(* Consider the discrete-time system $x_{t+1} = A x_t + B u_t + E w_t + K$ with $x_t \in \mathbb{R}^{n_x}$, $u_t \in U \subseteq \mathbb{R}^{n_u}$, $w_t \in W \subseteq \mathbb{R}^{n_w}$, where $A \in \mathbb{R}^{n_x \times n_x}$ is invertible, $B \in \mathbb{R}^{n_x \times n_u}$, $E \in \mathbb{R}^{n_x \times n_w}$, $K \in \mathbb{R}^{n_x}$, $U$ is a zonotope, and $W$ is a polytope with vertex set $V = \{w_1,\dots,w_M\}$. Let $Z_0 \subseteq \mathbb{R}^{n_x}$ be a zonotope and define the backward reachable sets $X_0 = Z_0$ and, for $k \geq 0$, $$X_{k+1} = \{x \in \mathbb{R}^{n_x} \mid \exists u \in U\ \forall w \in W: Ax + Bu + Ew + K \in X_k\}.$$ Let $H, h$ satisfy $EW = \{x \mid Hx \leq h\}$, and fix constants $b_i > 0$, $d_i \geq 0$. For a zonotope $Z = ([g_1, \dots, g_N], c)$ define $\overline{\mathfrak{Z}}(Z, EW) = ([\overline{\alpha}_1 g_1, \dots, \overline{\alpha}_N g_N], \overline{c})$ where $(\theta, \overline{\alpha}, \overline{c})$ is a minimizer of $\min \sum_i b_i \alpha_i$ subject to $c' + \sum_i \theta_{ij} g_i = E w_j$ for all $j$ and $|\theta_{ij}| \leq \alpha_i \leq 1$, and define $\underline{\mathfrak{Z}}(Z, EW) = ([\underline{\alpha}_1 g_1, \dots, \underline{\alpha}_N g_N], \underline{c})$ where $(\underline{\alpha}, \underline{c})$ is a maximizer of $\max \sum_i d_i \log \alpha_i$ subject to $Hc' + |HG|\alpha \leq h$, $0 \leq \alpha \leq 1$ (with $G = [g_1,\dots,g_N]$). Define recursively $\underline{Z}_0 = \overline{Z}_0 = Z_0$ and $$\underline{Z}_{k+1} = A^{-1}\big(((\underline{Z}_k \ominus \overline{\mathfrak{Z}}(\underline{Z}_k, EW)) \oplus (-BU)) + (-K)\big),$$ $$\overline{Z}_{k+1} = A^{-1}\big(((\overline{Z}_k \ominus \underline{\mathfrak{Z}}(\overline{Z}_k, EW)) \oplus (-BU)) + (-K)\big),$$ assuming all the optimization problems involved have optimal solutions (so that these sequences are defined). Then $\underline{Z}_k \subseteq X_k \subseteq \overline{Z}_k$ for all $k \geq 0$.
   Context: A zonotope with generator-representation $(G, c)$, where $G = [g_1, \dots, g_N]$ and $c \in \mathbb{R}^n$, is the set $\{c + \sum_{i=1}^N \theta_i g_i \mid \theta_i \in [-1,1]\}$, denoted $(G,c)$. For a matrix $M$ and set $S$, $MS = \{Ms \mid s \in S\}$. Minkowski sum $X \oplus Y = \{x+y \mid x\in X, y\in Y\}$, $x + Y = \{x\}\oplus Y$, Minkowski difference $X \ominus Y = \{z \mid z + Y \subseteq X\}$. $|HG|$ denotes entrywise absolute value; vector inequalities are entrywise. *)

From HB Require Import structures.
From mathcomp Require Import all_boot all_order all_algebra.
From mathcomp Require Import classical_sets boolp reals constructive_ereal ereal exp.
Set Implicit Arguments. Unset Strict Implicit. Unset Printing Implicit Defensive.
Import Order.TTheory GRing.Theory Num.Theory.
Local Open Scope classical_set_scope.
Local Open Scope ring_scope.

(* A zonotope generator-representation (G, c) with G = [g_1 ... g_N]. *)
Record zrep (R : realType) (n : nat) := ZRep {
  zN : nat;
  zG : 'M[R]_(n, zN);
  zc : 'cV[R]_n }.

Section Zono.
Variable R : realType.

Definition zset n (Z : zrep R n) : set 'cV[R]_n :=
  [set x | exists th : 'cV[R]_(zN Z),
     (forall i, `|th i ord0| <= 1) /\ x = zc Z + zG Z *m th].

Definition lev p (x y : 'cV[R]_p) : Prop := forall i, x i ord0 <= y i ord0.

Definition msum n (X Y : set 'cV[R]_n) : set 'cV[R]_n :=
  [set z | exists x y, X x /\ Y y /\ z = x + y].

Definition mdiff n (X Y : set 'cV[R]_n) : set 'cV[R]_n :=
  [set z | forall y, Y y -> X (z + y)].

Definition linimg m n (M : 'M[R]_(m, n)) (S : set 'cV[R]_n) : set 'cV[R]_m :=
  (fun x => M *m x) @` S.

Definition translate n (v : 'cV[R]_n) (S : set 'cV[R]_n) : set 'cV[R]_n :=
  (fun x => x + v) @` S.

Definition conv_cols n M (Wv : 'M[R]_(n, M)) : set 'cV[R]_n :=
  [set x | exists l : 'cV[R]_M, (forall j, 0 <= l j ord0) /\
     \sum_j l j ord0 = 1 /\ x = Wv *m l].

Definition extreme_point n (W : set 'cV[R]_n) (x : 'cV[R]_n) : Prop :=
  W x /\ forall y z (t : R), W y -> W z -> 0 < t < 1 ->
    x = t *: y + (1 - t) *: z -> y = x /\ z = x.

Definition polytope_with_vertices n M (W : set 'cV[R]_n) (Wv : 'M[R]_(n, M)) : Prop :=
  W = conv_cols Wv /\ forall x, extreme_point W x <-> exists j, x = col j Wv.

Definition scale_gens n (Z : zrep R n) (a : 'cV[R]_(zN Z)) (c' : 'cV[R]_n) : zrep R n :=
  @ZRep R n (zN Z) (\matrix_(r, i) (a i ord0 * zG Z r i)) c'.

Definition over_feasible n nw M (Z : zrep R n) (E : 'M[R]_(n, nw)) (Wv : 'M[R]_(nw, M))
  (th : 'M[R]_(zN Z, M)) (a : 'cV[R]_(zN Z)) (c' : 'cV[R]_n) : Prop :=
  (forall j : 'I_M, c' + \sum_(i < zN Z) th i j *: col i (zG Z) = E *m col j Wv) /\
  (forall i j, `|th i j| <= a i ord0) /\ (forall i, a i ord0 <= 1).

Definition over_obj N (b : nat -> R) (a : 'cV[R]_N) : R :=
  \sum_(i < N) b i * a i ord0.

Definition over_minimizer n nw M (Z : zrep R n) (E : 'M[R]_(n, nw)) (Wv : 'M[R]_(nw, M))
  (b : nat -> R) (th : 'M[R]_(zN Z, M)) (a : 'cV[R]_(zN Z)) (c' : 'cV[R]_n) : Prop :=
  over_feasible E Wv th a c' /\
  forall th' a' c'', @over_feasible n nw M Z E Wv th' a' c'' -> over_obj b a <= over_obj b a'.

Definition logE (a : R) : \bar R := if 0 < a then (ln a)%:E else -oo%E.

Definition under_feasible n p (Z : zrep R n) (H : 'M[R]_(p, n)) (h : 'cV[R]_p)
  (a : 'cV[R]_(zN Z)) (c' : 'cV[R]_n) : Prop :=
  lev (H *m c' + map_mx (fun x => `|x|) (H *m zG Z) *m a) h /\
  (forall i, 0 <= a i ord0 <= 1).

Definition under_obj N (d : nat -> R) (a : 'cV[R]_N) : \bar R :=
  (\sum_(i < N) ((d i)%:E * logE (a i ord0)))%E.

Definition under_maximizer n p (Z : zrep R n) (H : 'M[R]_(p, n)) (h : 'cV[R]_p)
  (d : nat -> R) (a : 'cV[R]_(zN Z)) (c' : 'cV[R]_n) : Prop :=
  under_feasible H h a c' /\
  forall a' c'', @under_feasible n p Z H h a' c'' -> (under_obj d a' <= under_obj d a)%E.

Fixpoint Xback nx nu nw (A : 'M[R]_nx) (B : 'M[R]_(nx, nu)) (E : 'M[R]_(nx, nw))
  (K : 'cV[R]_nx) (U : set 'cV[R]_nu) (W : set 'cV[R]_nw) (X0 : set 'cV[R]_nx)
  (k : nat) : set 'cV[R]_nx :=
  match k with
  | 0 => X0
  | k'.+1 => [set x | exists u, U u /\ forall w, W w ->
               Xback A B E K U W X0 k' (A *m x + B *m u + E *m w + K)]
  end.

Definition step_set nx nu (A : 'M[R]_nx) (B : 'M[R]_(nx, nu)) (K : 'cV[R]_nx)
  (U : set 'cV[R]_nu) (Z Zs : set 'cV[R]_nx) : set 'cV[R]_nx :=
  linimg (invmx A)
    (translate (- K) (msum (mdiff Z Zs) (linimg (- B) U))).

End Zono.

Arguments over_minimizer {R n nw M} Z E Wv b th a c'.
Arguments under_maximizer {R n p} Z H h d a c'.
Arguments scale_gens {R n} Z a c'.

From HB Require Import structures.
From mathcomp Require Import all_boot all_order all_algebra.
From mathcomp Require Import classical_sets boolp reals constructive_ereal ereal exp.
Import Order.TTheory GRing.Theory Num.Theory.
Local Open Scope classical_set_scope.
Local Open Scope ring_scope.

(* Both recursions have the shape
   A^-1 ((Z (-) Zs) (+) (-BU) + (-K)); this set is contained in the robust
   one-step predecessor of X when Z is inside X and EW is inside Zs, and
   contains it when X is inside Z and Zs is inside EW.  A feasible point of the
   LP writes every vertex E w_j as c' + G theta_j with |theta_ij| <= alpha_i,
   and averaging these coordinates puts all of EW into the scaled zonotope.
   A feasible point of the log problem gives H x <= H c' + |HG| alpha <= h on
   the scaled zonotope, i.e. puts it inside EW. *)

Definition robust_pre {R : realType} {nx nu nw : nat} (A : 'M[R]_nx)
    (B : 'M[R]_(nx, nu)) (E : 'M[R]_(nx, nw)) (K : 'cV[R]_nx)
    (U : set 'cV[R]_nu) (W : set 'cV[R]_nw) (X : set 'cV[R]_nx) : set 'cV[R]_nx :=
  [set x | exists u, U u /\ forall w, W w -> X (A *m x + B *m u + E *m w + K)].

Section RobustPredecessor.
Context {R : realType}.
Context {nx nu nw : nat} {A : 'M[R]_nx} {B : 'M[R]_(nx, nu)} {E : 'M[R]_(nx, nw)}.
Context {K : 'cV[R]_nx} {U : set 'cV[R]_nu} {W : set 'cV[R]_nw}.
Hypothesis A_unit : A \in unitmx.

Lemma XbackS X0 k :
  Xback A B E K U W X0 k.+1 = robust_pre A B E K U W (Xback A B E K U W X0 k).
Proof. by []. Qed.

Lemma step_set_sub_robust_pre {Z Zs X : set 'cV[R]_nx} :
  Z `<=` X -> (fun w => E *m w) @` W `<=` Zs ->
  step_set A B K U Z Zs `<=` robust_pre A B E K U W X.
Proof.
move=> ZX EWZs _ [_ [_ [z [_ [Zz [[u Uu <-] ->]]] <-] <-]].
exists u; split=> // w Ww; rewrite mulKVmx //.
have -> : z + - B *m u + - K + B *m u + E *m w + K = z + E *m w.
  by rewrite mulNmx (addrAC (z - _) (- K)) addrNK (addrAC (z - K)) addrNK.
by apply/ZX/Zz/EWZs; exists w.
Qed.

Lemma robust_pre_sub_step_set {Z Zs X : set 'cV[R]_nx} :
  X `<=` Z -> Zs `<=` (fun w => E *m w) @` W ->
  robust_pre A B E K U W X `<=` step_set A B K U Z Zs.
Proof.
move=> XZ ZsEW x [u [Uu Xx]].
exists (A *m x); last by rewrite mulKmx.
exists (A *m x + K); last by rewrite addrK.
exists (A *m x + K + B *m u), (- B *m u); split; last split.
- move=> _ /ZsEW [w Ww <-]; apply: XZ.
  by rewrite (addrAC _ K) (addrAC _ K); apply: Xx.
- by exists u.
- by rewrite mulNmx addrK.
Qed.

End RobustPredecessor.

Section ScaledZonotope.
Context {R : realType}.

Lemma mulmx_sum_col {m n} (M : 'M[R]_(m, n)) (v : 'cV[R]_n) :
  M *m v = \sum_i v i ord0 *: col i M.
Proof.
apply/matrixP => r k; rewrite ord1 summxE !mxE.
by apply: eq_bigr => i _; rewrite !mxE mulrC.
Qed.

Lemma lev_mulmx_norm {m n} (M : 'M[R]_(m, n)) (t a : 'cV[R]_n) :
  (forall i, `|t i ord0| <= a i ord0) -> lev (M *m t) (map_mx (fun x => `|x|) M *m a).
Proof.
move=> ta q; rewrite !mxE; apply: le_trans (ler_norm _) _.
apply: le_trans (ler_norm_sum _ _ _) _; apply: ler_sum => i _.
by rewrite mxE normrM ler_wpM2l.
Qed.

Lemma zG_scale_gens {n} (Z : zrep R n) (a : 'cV[R]_(zN Z)) (c' : 'cV[R]_n) :
  zG (scale_gens Z a c') = zG Z *m diag_mx a^T.
Proof. by apply/matrixP => r i; rewrite mul_mx_diag !mxE mulrC. Qed.

Lemma scale_gens_mem {n} (Z : zrep R n) (a t : 'cV[R]_(zN Z)) (c' : 'cV[R]_n) :
  (forall i, `|t i ord0| <= a i ord0) -> zset (scale_gens Z a c') (c' + zG Z *m t).
Proof.
move=> ta; exists (\col_i (t i ord0 / a i ord0)); split=> [i|].
  rewrite mxE normrM normfV; have [->|a0] := eqVneq (a i ord0) 0.
    by rewrite normr0 invr0 mulr0 ler01.
  by rewrite ler_pdivrMr ?normr_gt0 // mul1r (le_trans (ta i) (ler_norm _)).
rewrite zG_scale_gens -mulmxA mul_diag_mx; congr (_ + _ *m _).
apply/matrixP => i j; rewrite ord1 !mxE; have [a0|a0] := eqVneq (a i ord0) 0.
  (* [t i / 0 = 0] is the right coordinate, since [|t i| <= 0] forces [t i = 0] *)
  by move: (ta i); rewrite a0 normr_le0 => /eqP->; rewrite mul0r.
by rewrite mulrCA divff ?mulr1.
Qed.

Lemma scale_gens_coords {n} {Z : zrep R n} {a : 'cV[R]_(zN Z)} {c' x : 'cV[R]_n} :
  (forall i, 0 <= a i ord0) -> zset (scale_gens Z a c') x ->
  exists2 t : 'cV[R]_(zN Z), (forall i, `|t i ord0| <= a i ord0) & x = c' + zG Z *m t.
Proof.
move=> a_ge0 [th [th_le1 ->]]; exists (diag_mx a^T *m th).
  move=> i; rewrite mul_diag_mx !mxE normrM (ger0_norm (a_ge0 i)).
  by rewrite ler_piMr.
by rewrite zG_scale_gens mulmxA.
Qed.

Section OverApproximation.
Context {n nw M : nat} {Z : zrep R n} {E : 'M[R]_(n, nw)} {Wv : 'M[R]_(nw, M)}.
Context {th : 'M[R]_(zN Z, M)} {a : 'cV[R]_(zN Z)} {c' : 'cV[R]_n}.
Hypothesis feas : over_feasible E Wv th a c'.

Lemma over_feasible_vertex j : E *m col j Wv = c' + zG Z *m col j th.
Proof.
have [<- _] := feas; rewrite mulmx_sum_col; congr (_ + _).
by apply: eq_bigr => i _; rewrite mxE.
Qed.

Lemma over_feasible_conv (l : 'cV[R]_M) : \sum_j l j ord0 = 1 ->
  E *m (Wv *m l) = c' + zG Z *m (th *m l).
Proof.
move=> l1; rewrite (mulmx_sum_col Wv) (mulmx_sum_col th) !mulmx_sumr.
under eq_bigr => j _ do rewrite -scalemxAr over_feasible_vertex scalerDr.
rewrite big_split /= -scaler_suml l1 scale1r.
by under [in RHS]eq_bigr => j _ do rewrite -scalemxAr.
Qed.

Lemma over_feasible_conv_coords (l : 'cV[R]_M) :
  (forall j, 0 <= l j ord0) -> \sum_j l j ord0 = 1 ->
  forall i, `|(th *m l) i ord0| <= a i ord0.
Proof.
have [_ [th_le _]] := feas; move=> l_ge0 l1 i; rewrite mxE.
apply: le_trans (ler_norm_sum _ _ _) _.
rewrite -[leRHS]mulr1 -l1 mulr_sumr; apply: ler_sum => j _.
by rewrite normrM (ger0_norm (l_ge0 j)) ler_wpM2r.
Qed.

Lemma over_feasible_sub :
  (fun w => E *m w) @` conv_cols Wv `<=` zset (scale_gens Z a c').
Proof.
move=> _ [_ [l [l_ge0 [l1 ->]]] <-].
by rewrite over_feasible_conv //; apply/scale_gens_mem/over_feasible_conv_coords.
Qed.

End OverApproximation.

Lemma under_feasible_sub {n p} {Z : zrep R n} {H : 'M[R]_(p, n)} {h : 'cV[R]_p}
  {a : 'cV[R]_(zN Z)} {c' : 'cV[R]_n} :
  under_feasible H h a c' -> zset (scale_gens Z a c') `<=` [set x | lev (H *m x) h].
Proof.
move=> [Hh a01] x Zx q.
have a_ge0 i : 0 <= a i ord0 by case/andP: (a01 i).
have [t ta ->] := scale_gens_coords a_ge0 Zx.
apply: le_trans (Hh q); rewrite mulmxDr mulmxA [leLHS]mxE [leRHS]mxE lerD2l.
exact: lev_mulmx_norm.
Qed.

End ScaledZonotope.

Theorem proposition5 (R : realType) (nx nu nw M p : nat)
  (A : 'M[R]_nx) (B : 'M[R]_(nx, nu)) (E : 'M[R]_(nx, nw)) (K : 'cV[R]_nx)
  (ZU : zrep R nu) (W : set 'cV[R]_nw) (Wv : 'M[R]_(nw, M))
  (Z0 : zrep R nx) (H : 'M[R]_(p, nx)) (h : 'cV[R]_p)
  (b d : nat -> R) (Zlo Zup : nat -> zrep R nx) :
  A \in unitmx ->
  polytope_with_vertices W Wv ->
  (fun w => E *m w) @` W = [set x | lev (H *m x) h] ->
  (forall i, 0 < b i) -> (forall i, 0 <= d i) ->
  Zlo 0%N = Z0 -> Zup 0%N = Z0 ->
  (forall k, exists th a c',
      over_minimizer (Zlo k) E Wv b th a c' /\
      zset (Zlo k.+1) =
        step_set A B K (zset ZU) (zset (Zlo k)) (zset (scale_gens (Zlo k) a c'))) ->
  (forall k, exists a c',
      under_maximizer (Zup k) H h d a c' /\
      zset (Zup k.+1) =
        step_set A B K (zset ZU) (zset (Zup k)) (zset (scale_gens (Zup k) a c'))) ->
  forall k, zset (Zlo k) `<=` Xback A B E K (zset ZU) W (zset Z0) k /\
            Xback A B E K (zset ZU) W (zset Z0) k `<=` zset (Zup k).
Proof.
move=> A_unit [W_conv _] EW_H _ _ lo0 up0 Hlo Hup.
elim=> [|k [IHlo IHup]]; first by rewrite /= lo0 up0; split.
rewrite XbackS; split.
- have [th [a [c' [[feas _] ->]]]] := Hlo k.
  apply: (step_set_sub_robust_pre A_unit IHlo).
  by rewrite W_conv; exact: over_feasible_sub feas.
- have [a [c' [[feas _] ->]]] := Hup k.
  apply: (robust_pre_sub_step_set A_unit IHup).
  by rewrite EW_H; exact: under_feasible_sub feas.
Qed.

+-------+

For this exercise, please output exactly the lines above starting at the line with "i, a i ord0 <= 1)." and ending at the line with "Definition over_minimizer n", ends included.

● **RESULT OF THIS TASK**
  (forall i j, `|th i j| <= a i ord0) /\ (forall i, a i ord0 <= 1).

Definition over_obj N (b : nat -> R) (a : 'cV[R]_N) : R :=
  \sum_(i < N) b i * a i ord0.

Definition over_minimizer n nw M (Z : zrep R n) (E : 'M[R]_(n, nw)) (Wv : 'M[R]_(nw, M))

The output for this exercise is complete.